Gehorsam wedelte Pebbles mit dem Schwanz und begann dann, an den Beinen des Bettes herumzuschnüffeln, die, zum Schutz gegen Ameisen, in mit Wasser gefüllten Campbell’s-Suppendosen standen.

Lu See fand jedoch keine Ruhe. Nur wenige Augenblicke später verließ sie das Bett wieder und ging zu ihrem Schreibtisch hinüber, wo sie einen Stapel Zeitschriften zur Seite schob und sich dann dem Brief zuwandte, den sie vor drei Tagen zu schreiben begonnen hatte. Es war ein Brief an Sum Sum. Nachdem Lu See Ende 1937 aus Cambridge zurückgekehrt war, hatte sie acht Jahre lang nichts von Sum Sum gehört. Erst nach dem Krieg hatte Sum Sums Bruder Hesha ihr einen Brief von ihrer Freundin ausgehändigt. Auf diese Weise hatte Lu See erfahren, dass Sum Sum in das Nonnenkloster Ani Trangkhung in Lhasa eingetreten war. Lu See hatte sich daraufhin bemüht, eine Einreisegenehmigung für Tibet zu bekommen. Das tibetische Außenministerium hatte sich jedoch konsequent geweigert, ihr das notwendige Visum auszustellen.

Den Stift in der Hand, ließ sie ihre Augen langsam über die Seite wandern.

Meine liebste Sum Sum,

noch immer gibt es keine Nachricht von Mabel. Ich weiß, dass ich sie verletzt habe, als ich ihr von ihrer Herkunft erzählt habe, aber es ist mir einfach unbegreiflich, warum sie auf diese Art und Weise rebelliert und ihr Leben für eine Sache aufs Spiel setzt, die sie überhaupt nicht versteht. War ich vielleicht zu fürsorglich? Versucht sie sich dafür jetzt bei mir zu revanchieren, indem sie so töricht handelt? Jetzt weiß ich auch, wie sich meine arme Mutter gefühlt haben muss, als ich vor so vielen Jahren ohne ihr Wissen nach England abgereist bin.
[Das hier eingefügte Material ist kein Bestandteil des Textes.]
Lemma rational_approx mu d : Mplus mu -> 0 < d ->
  exists (N : nat) (k : I -> nat), [/\ (0 < N)%N, (forall i, 0 < k i)%N &
    forall i, `|(k i)%:R / N%:R - mu i| < d].
Proof.
move=> mu_gt0 d_gt0.
(* N exceeds 1/d and every 1/mu_i, so k_i := floor (N mu_i) is positive and
   |k_i/N - mu_i| < 1/N < d. *)
pose N := (Num.truncn (d^-1 + \sum_i (mu i)^-1)).+1.
have invmu_ge0 i : 0 <= (mu i)^-1 by rewrite invr_ge0 ltW.
have N_gt : d^-1 + \sum_i (mu i)^-1 < N%:R.
  by rewrite truncnS_gt // addr_ge0 ?invr_ge0 ?ltW //; apply: sumr_ge0.
have N_gt0 : 0 < N%:R :> R by rewrite ltr0n.
have dN_gt1 : 1 < d * N%:R.
  rewrite -[X in X < _](mulfV (lt0r_neq0 d_gt0)) ltr_pM2l //; apply: (le_lt_trans _ N_gt).
  by rewrite lerDl; apply: sumr_ge0.
have Nmu_gt1 i : 1 < N%:R * mu i.
  rewrite -[X in X < _](mulVf (lt0r_neq0 (mu_gt0 i))) ltr_pM2r //; apply: (le_lt_trans _ N_gt).
  rewrite (bigD1 i) //= addrCA lerDl.
  by apply: addr_ge0; [rewrite invr_ge0 ltW | exact: sumr_ge0].
exists N, (fun i => Num.truncn (N%:R * mu i)); split=> // i.
  by rewrite truncn_ge_nat // ltW // (lt_trans ltr01).
have /andP[lo hi] := truncn_itv (ltW (lt_trans ltr01 (Nmu_gt1 i))).
rewrite -natr1 in hi; set t := (Num.truncn _)%:R in lo hi *.
have -> : t / N%:R - mu i = (t - N%:R * mu i) / N%:R by field; apply: lt0r_neq0.
rewrite normrM normfV (gtr0_norm N_gt0) ltr_pdivrMr // distrC ger0_norm; lra.
Qed.

End Normalization.

Section SplitKernel.
Variables (R : realType) (A W : finType) (pr : W -> A) (m : A -> nat).
Hypothesis m_gt0 : forall a, (0 < m a)%N.
Hypothesis card_fiber : forall a, \sum_u (pr u == a)%:R = (m a)%:R :> R.

Definition split_kernel (a : A) (u : W) : R := (pr u == a)%:R / (m a)%:R.

Lemma split_kernel_congruent : congruent_kernel split_kernel.
Proof.
have m_neq0 a : (m a)%:R != 0 :> R by rewrite pnatr_eq0 -lt0n.
split; last by exists pr => a u /negbTE pru; rewrite /split_kernel pru mul0r.
split=> [a u|a]; first by rewrite divr_ge0.
by rewrite -mulr_suml card_fiber divff.
Qed.

Lemma pushK_split_kernel (x : A -> R) :
  pushK split_kernel x = fun u => x (pr u) / (m (pr u))%:R.
Proof.
apply: funext => u; rewrite /pushK (bigD1 (pr u)) //= big1 ?addr0 => [|a /negbTE pua].
  by rewrite /split_kernel eqxx mul1r mulrC.
by rewrite /split_kernel eq_sym pua mul0r mul0r.
Qed.

Lemma split_kernel_Mplus mu : Mplus mu -> Mplus (pushK split_kernel mu).
Proof. by move=> mu_gt0 u; rewrite pushK_split_kernel divr_gt0 ?ltr0n. Qed.

End SplitKernel.

Section CongruentFamilyCoefficients.
Variables (R : realType) (n : nat).
Variable Th : forall I : finType, (I -> R) -> ('I_n -> I -> R) -> R.
Arguments Th {I}.
Hypothesis Th_field :
  forall I : finType, (0 < #|I|)%N -> tensor_field (@Mplus R I) (@anyvec R I) (@Th I).
Hypothesis Th_congr : congruent_family (@Mplus R) (@anyvec R) (@Th).

Local Notation partitions := {set {set 'I_n}}.

Definition has_coeffs (I : finType) (mu : I -> R) (b : partitions -> R) :=
  forall V, Th mu V = \sum_(P | partition P [set: 'I_n]) b P * tauP P mu V.

Lemma eq_has_coeffs (I : finType) (mu : I -> R) (b b' : partitions -> R) :
  (forall P, partition P [set: 'I_n] -> b P = b' P) ->
  has_coeffs mu b -> has_coeffs mu b'.
Proof. by move=> bb' coeffs V; rewrite coeffs; apply: eq_bigr => P /bb' ->. Qed.

Lemma has_coeffs_pull (I I' : finType) (K : I -> I' -> R) mu b :
  (0 < #|I|)%N -> (0 < #|I'|)%N -> congruent_kernel K ->
  (forall nu, Mplus nu -> Mplus (pushK K nu)) -> Mplus mu ->
  has_coeffs (pushK K mu) b -> has_coeffs mu b.
Proof.
move=> I0 I'0 congrK Kpos mu_gt0 coeffs V.
rewrite -(Th_congr I0 I'0 congrK Kpos mu_gt0) // coeffs.
have [markovK [kappa kappaK]] := congrK.
by apply: eq_bigr => P _; rewrite (tauP_pushK markovK kappaK) //; apply: Kpos.
Qed.

Lemma Th_delta_perm (Z : finType) (v : R) (s : Z -> Z) (x : 'I_n -> Z) :
  (0 < #|Z|)%N -> injective s -> 0 < v ->
  Th (uniform v) (fun j => delta R (s (x j))) = Th (uniform v) (fun j => delta R (x j)).
Proof.
(* s acts as the split kernel along its inverse, whose fibres are singletons. *)
move=> Z0 s_inj v_gt0; have [sinv sK Ks] := injF_bij s_inj.
have sinvE u a : (sinv u == a) = (u == s a) by apply/eqP/eqP => [<-|->].
have fiber a : \sum_u (sinv u == a)%:R = 1 :> R.
  by rewrite -[RHS](sum_delta R (s a)); apply: eq_bigr => u _; rewrite sinvE.
have one_gt0 : forall a : Z, (0 < 1)%N by [].
have := Th_congr Z0 Z0 (split_kernel_congruent one_gt0 fiber)
  (@split_kernel_Mplus R _ _ sinv _ one_gt0) (uniform_Mplus v_gt0)
  (V := fun j => delta R (x j)) (fun _ => Logic.I).
rewrite pushK_split_kernel; congr (Th _ _ = _).
  by apply: funext => u; rewrite /uniform divr1.
by apply: funext => j; apply: funext => u; rewrite pushK_split_kernel /delta sinvE divr1.
Qed.

Lemma Th_cvg (I : finType) (V : 'I_n -> I -> R) mu : (0 < #|I|)%N -> Mplus mu ->
  (fun nu => Th nu V) @ within (@Mplus R I) (nbhs mu) --> Th mu V.
Proof. by move=> I0 mu_gt0; apply/cvg_withinP; apply: (Th_field I0).2. Qed.

Lemma Th_delta_pblock (Z : finType) (iota : {set 'I_n} -> Z) v (x : 'I_n -> Z) :
  injective iota -> 0 < v ->
  Th (uniform v) (fun j => delta R (x j))
  = Th (uniform v) (fun j => delta R (iota (pblock (preim_partition x [set: 'I_n]) j))).
Proof.
move=> iota_inj v_gt0; have Z0 : (0 < #|Z|)%N by apply/card_gt0P; exists (iota set0).
set Q := preim_partition x [set: 'I_n].
have [s s_inj sx] : exists2 s : Z -> Z, injective s & forall j, s (iota (pblock Q j)) = x j.
  by apply: same_kernel_perm; rewrite ker_pairs_pblock ?preim_partitionP ?same_block_preim.
by rewrite -[RHS](Th_delta_perm (fun j => iota (pblock Q j)) Z0 s_inj v_gt0);
  congr (Th _ _); apply: funext => j; rewrite sx.
Qed.

Lemma has_coeffs_uniform_exists (Z : finType) (iota : {set 'I_n} -> Z) v :
  injective iota -> 0 < v -> exists b, has_coeffs (uniform v : Z -> R) b.
Proof.
move=> iota_inj v_gt0; have Z0 : (0 < #|Z|)%N by apply/card_gt0P; exists (iota set0).
pose g Q := Th (uniform v) (fun j => delta R (iota (pblock Q j))).
have [b bsol] := refinement_system_solvable (fun P _ => weight_neq0 P v_gt0) g.
exists b; apply: (multilinear_delta_ext (iota set0)).
- exact: (Th_field Z0).1 _ (uniform_Mplus v_gt0).
- exact: tauP_comb_multilinear.
move=> x; rewrite (Th_delta_pblock _ iota_inj v_gt0) -/(g _) -bsol ?preim_partitionP //.
by apply: eq_bigr => P partP; rewrite tauP_delta // /refines same_block_preim mulrA.
Qed.

Lemma has_coeffs_uniform_uniq (Z : finType) (iota : {set 'I_n} -> Z) v b b' :
  injective iota -> 0 < v ->
  has_coeffs (uniform v : Z -> R) b -> has_coeffs (uniform v : Z -> R) b' ->
  forall P, partition P [set: 'I_n] -> b P = b' P.
Proof.
move=> iota_inj v_gt0 coeffs coeffs' P partP; apply/eqP; rewrite -subr_eq0; apply/eqP.
move: P partP; apply: (refinement_system_uniq (u := fun P => b P - b' P)
  (fun P _ => weight_neq0 P v_gt0)) => Q partQ.
have := coeffs (fun j => delta R (iota (pblock Q j))).
rewrite coeffs' => /eqP; rewrite eq_sym -subr_eq0 -sumrB => /eqP sum0.
rewrite -[RHS]sum0; apply: eq_bigr => P partP.
by rewrite tauP_delta // ker_pairs_pblock //; ring.
Qed.

(* Y is the reference set: the blocks of every partition embed into it. *)
Local Notation Y := {set 'I_n}.

Lemma coeffs_exist : exists a : R -> partitions -> R,
  forall c, 0 < c -> has_coeffs (uniform (c / #|{: Y}|%:R) : Y -> R) (a c).
Proof.
have Y_gt0 : 0 < #|{: Y}|%:R :> R by rewrite ltr0n; apply/card_gt0P; exists set0.
pose coeffs_at c b := 0 < c -> has_coeffs (uniform (c / #|{: Y}|%:R) : Y -> R) b.
suff [a Ha] : {a : R -> partitions -> R & forall c, coeffs_at c (a c)} by exists a.
apply: choice => c; have [c_gt0|c_le0] := ltrP 0 c; last first.
  by exists (fun _ => 0) => c_gt0; move: (lt_le_trans c_gt0 c_le0); rewrite ltxx.
have [b coeffs] := has_coeffs_uniform_exists (@inj_id Y) (divr_gt0 c_gt0 Y_gt0).
by exists b.
Qed.

Section Transport.
Variable a : R -> partitions -> R.
Hypothesis a_coeffs :
  forall c, 0 < c -> has_coeffs (uniform (c / #|{: Y}|%:R) : Y -> R) (a c).

Lemma has_coeffs_uniform (Z : finType) v : (0 < #|Z|)%N -> 0 < v ->
  has_coeffs (uniform v : Z -> R) (a (v * #|Z|%:R)).
Proof.
(* Z and Y are both quotients of Z * Y with fibres of constant size; the
   coefficients pulled back along the two projections coincide. *)
move=> Z0 v_gt0; have /card_gt0P[z0 _] := Z0.
have Y0 : (0 < #|{: Y}|)%N by apply/card_gt0P; exists set0.
have W0 : (0 < #|{: Z * Y}|)%N by apply/card_gt0P; exists (z0, set0).
have Z_gt0 : 0 < #|Z|%:R :> R by rewrite ltr0n.
have Y_gt0 : 0 < #|{: Y}|%:R :> R by rewrite ltr0n.
have iota_inj : injective (fun S : Y => (z0, S)) by move=> S1 S2 [].
have [b coeffs] := has_coeffs_uniform_exists iota_inj (divr_gt0 v_gt0 Y_gt0).
have fiber2 S : \sum_(u : Z * Y) (u.2 == S)%:R = #|Z|%:R :> R.
  rewrite -(pair_bigA _ (fun _ S' => (S' == S)%:R)) /=.
  by rewrite (eq_bigr (fun _ => 1)) ?sumr_const // => z _; apply: sum_delta.
have fiber1 z : \sum_(u : Z * Y) (u.1 == z)%:R = #|{: Y}|%:R :> R.
  rewrite -(pair_bigA _ (fun z' _ => (z' == z)%:R)) exchange_big /=.
  by rewrite (eq_bigr (fun _ => 1)) ?sumr_const // => S _; apply: sum_delta.
set c := v * #|Z|%:R.
have c_gt0 : 0 < c by rewrite mulr_gt0.
have coeffsY : has_coeffs (uniform (c / #|{: Y}|%:R) : Y -> R) b.
  apply: (has_coeffs_pull Y0 W0 (split_kernel_congruent (fun _ => Z0) fiber2)
    (split_kernel_Mplus _ (fun _ => Z0)) (uniform_Mplus (divr_gt0 c_gt0 Y_gt0))).
  rewrite pushK_split_kernel (_ : (fun u => _) = uniform (v / #|{: Y}|%:R)) //.
  by apply: funext => u; rewrite /uniform /c; field; rewrite !gt_eqF.
apply: (eq_has_coeffs (has_coeffs_uniform_uniq (@inj_id Y) _ coeffsY (a_coeffs c_gt0))).
  exact: divr_gt0.
apply: (has_coeffs_pull Z0 W0 (split_kernel_congruent (fun _ => Y0) fiber1)
  (split_kernel_Mplus _ (fun _ => Y0)) (uniform_Mplus v_gt0)).
by rewrite pushK_split_kernel.
Qed.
In Kuala Lumpur hat sich die Lage einigermaßen beruhigt, aber auf den Straßen gibt es noch immer Auseinandersetzungen, vor allem jetzt, da die neue Verfassung in Kraft getreten ist. Ich fürchte, dass es zwischen den Chinesen und den Malaien schon bald mehr als nur böses Blut geben wird.

Auch mein Leben ist jetzt ruhiger geworden. Nachts komme ich mir oft wie ein kleines Samenkorn vor, das ganz allein keimen soll. Wenn ich nicht schlafen kann, lausche ich dem Knarren und Knarzen des Hauses. Es ist fast so, als würde es mit mir sprechen. Oft frage ich mich, ob es hier einen Geist gibt. Gott sei Dank habe ich meine Hunde! Habe ich dir schon von meinen Hunden erzählt? Da ist Pebbles, die dominante, energische Mutter dreier kleiner Welpen: Lightning, Thunder und Rain. Dann gibt es noch Boris mit dem geringelten Schwanz und den fröhlichen Augen. Und schließlich Goose, einen schwarzen Spaniel, der jedes Mal zu heulen anfängt, wenn ein Feuerwehrauto vorbeifährt.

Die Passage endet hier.